Writes given Evaluation or Validation data using given writer PTransform.

evaluation_or_validation: Evaluation or Validation data. key: Key for Evaluation or Validation output to write. It is valid for the key to not exist in the dict (in which case the write is a no-op). ptransform: PTransform to use for writing.

ValueError: If Evaluation or Validation is empty. The key does not need to exist in the Evaluation or Validation, but the dict must not be empty.

The result of the underlying beam write PTransform. This makes it possible for interactive environments to execute your writer, as well as for downstream Beam stages to make use of the files that are written.
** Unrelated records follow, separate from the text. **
(* Let $N$ be a finite set with $n=|N|\geq 2$, and let $\mathcal{D}\subseteq \mathrm{DAG}(N)$ be a facet of the family-variable polytope $P_N$ (in the sense that $\mathrm{conv}\{\eta_G : G\in\mathcal{D}\}$ is a facet of $P_N$). Then the following conditions are equivalent: (a) $\mathcal{D}$ is closed under Markov equivalence, i.e. whenever $G,H\in\mathrm{DAG}(N)$ are Markov equivalent and $G\in\mathcal{D}$, then $H\in\mathcal{D}$; (b) $\mathcal{D}$ contains every full graph over $N$; (c) $\mathcal{D}$ is score equivalent (SE).
   Context: $\mathrm{DAG}(N)$ is the set of acyclic directed graphs with node set $N$; $\mathrm{pa}_G(a)$ denotes the parent set of $a$ in $G$. Two graphs $G,H\in\mathrm{DAG}(N)$ are Markov equivalent ($G\sim H$) if they have the same adjacencies and the same immoralities (induced subgraphs $a\to c\leftarrow b$ with $a,b$ non-adjacent). A full graph is an acyclic directed graph over $N$ in which every pair of distinct nodes is adjacent (all full graphs are Markov equivalent). Let $\Upsilon=\{(a|B): a\in N,\ \emptyset\neq B\subseteq N\setminus\{a\}\}$. For $G\in\mathrm{DAG}(N)$ the family-variable vector $\eta_G\in\mathbb{R}^{\Upsilon}$ has $\eta_G(a|B)=1$ if $B=\mathrm{pa}_G(a)$ and $0$ otherwise. The family-variable polytope is $P_N=\mathrm{conv}\{\eta_G: G\in\mathrm{DAG}(N)\}$. A set $\mathcal{D}\subseteq\mathrm{DAG}(N)$ is called a face (resp. facet) of $P_N$ if $\mathrm{conv}\{\eta_G:G\in\mathcal{D}\}$ is a face (resp. facet, i.e. face of dimension $\dim P_N-1$) of $P_N$. A vector $o\in\mathbb{R}^{\Upsilon}$ is an SE (score equivalent) objective if $\langle o,\eta_G\rangle=\langle o,\eta_H\rangle$ whenever $G\sim H$. A face $F$ of $P_N$ is SE if there exist an SE objective $o$ and $u\in\mathbb{R}$ with $P_N\subseteq\{v:\langle o,v\rangle\le u\}$ and $F=\{v\in P_N:\langle o,v\rangle=u\}$; a set of graphs is SE if the corresponding face is SE. *)

From HB Require Import structures.
From mathcomp Require Import all_boot all_order all_algebra.
Set Implicit Arguments. Unset Strict Implicit. Unset Printing Implicit Defensive.
Import Order.TTheory GRing.Theory Num.Theory.
Local Open Scope ring_scope.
Source code in tensorflow_model_analysis/writers/writer.py

@beam.ptransform_fn
def Write(
    evaluation_or_validation: Union[evaluator.Evaluation, validator.Validation],
    key: str,
    ptransform: beam.PTransform,
) -> Optional[beam.PCollection]:
    """Writes given Evaluation or Validation data using given writer PTransform.

    Args:
    ----
      evaluation_or_validation: Evaluation or Validation data.
      key: Key for Evaluation or Validation output to write. It is valid for the
        key to not exist in the dict (in which case the write is a no-op).
      ptransform: PTransform to use for writing.

    Raises:
    ------
      ValueError: If Evaluation or Validation is empty. The key does not need to
        exist in the Evaluation or Validation, but the dict must not be empty.

    Returns:
    -------
      The result of the underlying beam write PTransform. This makes it possible
      for interactive environments to execute your writer, as well as for
      downstream Beam stages to make use of the files that are written.
    """
    if not evaluation_or_validation:
        raise ValueError("Evaluations and Validations cannot be empty")
    if key in evaluation_or_validation:
        return evaluation_or_validation[key] | ptransform
    return None

convert_slice_metrics_to_proto ¶

convert_slice_metrics_to_proto(
    metrics: Tuple[
        SliceKeyOrCrossSliceKeyType, MetricsDict
    ],
    add_metrics_callbacks: Optional[
        List[AddMetricsCallbackType]
    ],
) -> MetricsForSlice

Converts the given slice metrics into serialized proto MetricsForSlice.

metrics: The slice metrics. add_metrics_callbacks: A list of metric callbacks. This should be the same list as the one passed to tfma.Evaluate().

The MetricsForSlice proto.

TypeError: If the type of the feature value in slice key cannot be recognized.